In [1]:
import pandas as pd
import numpy as np
from sklearn.model_selection import GroupShuffleSplit
from sklearn.preprocessing import OneHotEncoder, OrdinalEncoder, StandardScaler
from sklearn.compose import ColumnTransformer
from sklearn.pipeline import Pipeline

In [2]:
data_path = r'/home/check/DATA/university/yr3, hk1/DS102 - ML for Statistic/Đồ án/goodread/DS102/DATA/gold/'

In [3]:
df = pd.read_csv(data_path + 'v1/gold_1.csv')

In [4]:
if 'Unnamed: 0' in df.columns:
    df = df.drop('Unnamed: 0', axis=1)

log_features = ['Units_Sold', 'Gross_Sales', 'Sale_Price', 'Sales_Rank', 'ratings_count', 'n_votes']

for col in log_features:
    df[col] = np.log1p(df[col])

In [5]:
gss = GroupShuffleSplit(n_splits=1, test_size=0.2, random_state=42)
train_idx, test_idx = next(gss.split(df, groups=df['title']))

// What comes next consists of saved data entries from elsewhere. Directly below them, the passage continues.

(* The subspace $\mathbf{\Pi}$ is a graded sub-bialgebra of $(\textbf{W},\nabla_{\sqcup\!\sqcup},\iota_{\sqcup\!\sqcup},\Delta_\odot,\epsilon_\odot)$.
   Context: Let $\Bbbk$ be a field. A word is a finite sequence of positive integers. For a word $w=w_1\cdots w_m$ with $\max(w)\le n\in\mathbb{N}$, $[w,n]$ denotes the linear endomorphism of the shuffle algebra (span of all words) sending a word $v$ of length $n$ to $v_{w_1}\cdots v_{w_m}$ and other words to $0$; $\textbf{W}$ is the span of all such $[w,n]$, graded by $\deg[w,n]=m$. $\textbf{W}$ is a graded bialgebra with product $\nabla_{\sqcup\!\sqcup}([v,m]\otimes[w,n]) = [v\sqcup\!\sqcup (w\uparrow m), m+n]$ ($\sqcup\!\sqcup$ the shuffle product of words, $w\uparrow m$ adds $m$ to each letter), unit $\iota_{\sqcup\!\sqcup}(1)=[\emptyset,0]$, coproduct $\Delta_\odot([w,n])=\sum_{i=0}^m [w_1\cdots w_i,n]\otimes[w_{i+1}\cdots w_m,n]$ and counit $\epsilon_\odot([w,n])=1$ if $w=\emptyset$, else $0$. For $\pi$ in the symmetric group $S_{n+1}$ with simple transpositions $s_i=(i,i+1)$, let $\mathcal{R}(\pi)$ be its set of reduced words and $[\pi]=\sum_{w\in\mathcal{R}(\pi)}[w,n]\in\textbf{W}$. Let $\mathbf{\Pi}_n$ be the span of $\{[\pi]:\pi\in S_{n+1}\}$ and $\mathbf{\Pi}=\bigoplus_{n\in\mathbb{N}}\mathbf{\Pi}_n$. *)

From mathcomp Require Import all_boot all_order all_algebra all_fingroup.
Set Implicit Arguments. Unset Strict Implicit. Unset Printing Implicit Defensive.
Import GRing.Theory.
Local Open Scope ring_scope.

(* Words are seq nat (letters are positive integers).  A basis element
   [w,n] of W is the pair (w, n).  An element of W is represented by its
   coefficient function on pairs (w,n); elements of the span are the finitely
   supported ones, and all elements we consider (elements of Pi) are such. *)

Definition Wt (K : fieldType) := (seq nat * nat) -> K.
Definition WWt (K : fieldType) := (seq nat * nat) -> (seq nat * nat) -> K.

(* shuffle product of words, as a list of words with multiplicity *)
Fixpoint shuffle (u v : seq nat) : seq (seq nat) :=
  match u with
  | [::] => [:: v]
  | a :: u' =>
      let fix sh (v : seq nat) : seq (seq nat) :=
        match v with
        | [::] => [:: u]
        | b :: v' => map (cons a) (shuffle u' v) ++ map (cons b) (sh v')
        end in sh v
  end.

Definition shiftw (m : nat) (w : seq nat) : seq nat := map (addn m) w.

Fixpoint words (k n : nat) : seq (seq nat) :=
  match k with
  | 0 => [:: [::]]
  | k'.+1 => [seq i :: w | i <- iota 1 n, w <- words k' n]
  end.

(* product nabla: linear extension of
   [v,m] (x) [w,n] |-> [v shuffle (w up m), m+n].
   Coefficient of [u,N] in x*y: sum over the (finitely many) basis pairs
   [v,m], [w,N-m] with |v|+|w| = |u| that can contribute. *)
Definition mulW (K : fieldType) (x y : Wt K) : Wt K := fun b =>
  let u := b.1 in let N := b.2 in
  \sum_(m < N.+1) \sum_(k < (size u).+1)
    \sum_(v <- words k m) \sum_(w <- words (size u - k) (N - m))
      x (v, nat_of_ord m) * y (w, N - m) *+ count_mem u (shuffle v (shiftw m w)).

Definition unitW (K : fieldType) : Wt K := fun b =>
  if (b.1 == [::]) && (b.2 == 0%N) then 1 else 0.

(* coproduct Delta_odot: linear extension of
   [w,n] |-> sum_i [w_1..w_i, n] (x) [w_(i+1)..w_m, n];
   the coefficient of [a,n] (x) [b,n'] is x(a ++ b, n) if n = n', else 0. *)
Definition comulW (K : fieldType) (x : Wt K) : WWt K := fun a b =>
  if a.2 == b.2 then x (a.1 ++ b.1, a.2) else 0.

(* homogeneous component of degree d (deg [w,n] = |w|) *)
Definition homog (K : fieldType) (d : nat) (x : Wt K) : Wt K := fun b =>
  if size b.1 == d then x b else 0.

(* simple transposition s_i = (i, i+1) of S_{n+1} = perms of {1..n+1},
   modelled on 'I_n.+1 = {0..n} (shifted by one) *)
Definition stransp (n i : nat) : 'S_n.+1 := tperm (inord i.-1) (inord i).

Definition prodw (n : nat) (w : seq nat) : 'S_n.+1 :=
  (\prod_(i <- w) stransp n i)%g.

Definition reduced (n : nat) (pi : 'S_n.+1) (w : seq nat) : bool :=
  [&& all (fun i => 0 < i <= n)%N w, prodw n w == pi &
      all (fun k => all (fun u => prodw n u != pi) (words k n)) (iota 0 (size w))].
(* If [r'] kept the order of every pair of components adjacent for [r], then
   [r^-1 * r'] would be increasing, hence the identity. *)
Lemma exists_adjacent_inversion m (r r' : {perm 'I_m}) : r <> r' ->
  exists a b, (r b = (r a).+1 :> nat) /\ (r' b < r' a)%N.
Proof.
  move=> rr'; apply: NNPP => no_adj; apply: rr'.
  have adj a b : (r b = (r a).+1 :> nat) -> (r' a < r' b)%N.
    move=> rab; case: (ltngtP (r' a) (r' b)) => // [r'ba | /val_inj /perm_inj e].
      by case: no_adj; exists a, b.
    by move: rab; rewrite e; lia.
  have far d a b : (r b = (r a + d.+1)%N :> nat) -> (r' a < r' b)%N.
    elim: d a => [| d IHd] a rab; first by apply: adj; lia.
    have next_lt : ((r a).+1 < m)%N by have := ltn_ord (r b); lia.
    pose c := (r^-1)%g (Ordinal next_lt).
    have rc : (r c = (r a).+1 :> nat) by rewrite /c permKV.
    by have := adj a c rc; have := IHd c ltac:(lia); lia.
  have incr : forall i j : 'I_m, (i < j)%N -> (((r^-1)%g * r')%g i < ((r^-1)%g * r')%g j)%N.
    move=> i j ij; rewrite !permM; apply: (far (j - i)%N.-1).
    by rewrite !permKV; lia.
  apply/permP => x; have := congr1 (fun s : {perm 'I_m} => s (r x)) (increasing_perm_id incr).
  by rewrite permM permK perm1.
Qed.

Section Permutations.

Variables (m : nat) (cr : seq (crossing m)).

Hypothesis cr_params :
  forall k : 'I_(size cr), in01 (cr_s1 (crossing_of k)) /\ in01 (cr_s2 (crossing_of k)).

Notation vt_path := (clos_refl_trans _ (@vt_step m cr)).

Lemma swap_move (r : {perm 'I_m}) V (a b : 'I_m) :
  cyclic_positions cr V -> generic_positions cr V ->
  (r b = (r a).+1 :> nat) -> move (state_of cr r V) (state_of cr (swap_perm r a b) V).
Proof.
  move=> V_cyc V_gen rab; right; exists a, b; split; last exact: state_of_swap.
  split; first by move=> e; move: rab; rewrite e; lia.
  (* The components of the realization lie in the disjoint bands around [3 * r i]. *)
  have [h [h_real [h_vt h_band]]] := state_of_realized cr_params r V_cyc V_gen.
  exists h; split=> //; split=> // -[c [s [t [u [ca [cb c_between]]]]]].
  have rb : INR (r b) = INR (r a) + 1 by rewrite rab S_INR.
  have := h_band a t; have := h_band a u; have := h_band b t; have := h_band b u.
  have := h_band c s; rewrite rb.
  case: (ltngtP (r c) (r a)) => [/ltn_INR | ac | /val_inj /perm_inj //]; first lra.
  have rcb : (r c : nat) <> r b by move/val_inj/perm_inj.
  have /ltn_INR : (r b < r c)%N by move: ac rcb; rewrite rab; lia.
  by rewrite rb; lra.
Qed.

Lemma permutation_path (r r' : {perm 'I_m}) V : cyclic_positions cr V -> generic_positions cr V ->
  vt_path (state_of cr r V) (state_of cr r' V).
Proof.
  move=> V_cyc V_gen.
  suff path_le n (s : {perm 'I_m}) : (#|inversions s r'| <= n)%N ->
      vt_path (state_of cr s V) (state_of cr r' V) by apply: path_le.
  elim: n s => [|n IHn] s inv; case: (classic (s = r')) => [-> | sr']; try exact: rt_refl.
  all: have [a [b [sab r'ba]]] := exists_adjacent_inversion sr'.
  all: have fewer := inversions_swap sab r'ba.
    by have := leq_trans fewer inv.
  apply: (@rt_trans _ _ _ (state_of cr (swap_perm s a b) V)); last by apply: IHn; lia.
  apply: rt_step; split; first exact: swap_move.
  exact: state_of_vertically_trivial.
Qed.

End Permutations.

Lemma vt_path_sequence m (cr : seq (crossing m)) (S T : state cr) :
  clos_refl_trans _ (@vt_step m cr) S T -> vertically_trivial_state S ->
  exists (n : nat) (Ds : nat -> state cr),
    Ds 0%nat = S /\ Ds n = T /\
    (forall i, (i <= n)%nat -> vertically_trivial_state (Ds i)) /\
    (forall i, (1 <= i <= n)%nat -> move (Ds i.-1) (Ds i)).
Proof.
  move=> path; elim: (@clos_rt_rt1n _ _ _ _ path) => [S' S'_vt | S' S'' T' [mv S''_vt] _ IH S'_vt].
    by exists 0%nat, (fun=> S'); do !split=> //; case.
  have [n [Ds [D0 [Dn [D_vt D_mv]]]]] := IH S''_vt.
  exists n.+1, (fun i => if i is i'.+1 then Ds i' else S'); do !split=> //.
    by case=> [|i] /= in_n; [ | apply: D_vt].
  by case=> [|[|i]] //= in_n; [rewrite D0 | apply: (D_mv i.+1)].
Qed.

Section DiagramFacts.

train_df = df.iloc[train_idx].copy()
test_df = df.iloc[test_idx].copy()

In [6]:
numerical_features = [
    'year', 'publication_year', 'total_weeks', 'best_rank', 'worst_rank', 'mean_rank', 
    'debut_rank', 'average_rating', 'rating', 'is_expert'
] + log_features

In [7]:
categorical_onehot = ['Genre']
categorical_ordinal = ['Author_Rating']

ordinal_encoder = OrdinalEncoder(categories=[['Novice', 'Intermediate', 'Excellent', 'Famous']])

In [8]:
preprocessor = ColumnTransformer(
    transformers=[
        ('num', StandardScaler(), numerical_features),
        ('cat_onehot', OneHotEncoder(sparse_output=False, handle_unknown='ignore'), categorical_onehot),
        ('cat_ordinal', ordinal_encoder, categorical_ordinal)
    ],
    remainder='passthrough'  # Keep text features and targets
)

In [9]:
X_train = preprocessor.fit_transform(train_df.drop(['Commercial_success', 'Popular_success', 'Critical_success'], axis=1))
X_test = preprocessor.transform(test_df.drop(['Commercial_success', 'Popular_success', 'Critical_success'], axis=1))

In [10]:
num_cols = numerical_features
cat_onehot_cols = preprocessor.named_transformers_['cat_onehot'].get_feature_names_out(categorical_onehot)
cat_ordinal_cols = categorical_ordinal
remainder_cols = [col for col in train_df.columns if col not in numerical_features + categorical_onehot + categorical_ordinal + ['Commercial_success', 'Popular_success', 'Critical_success']]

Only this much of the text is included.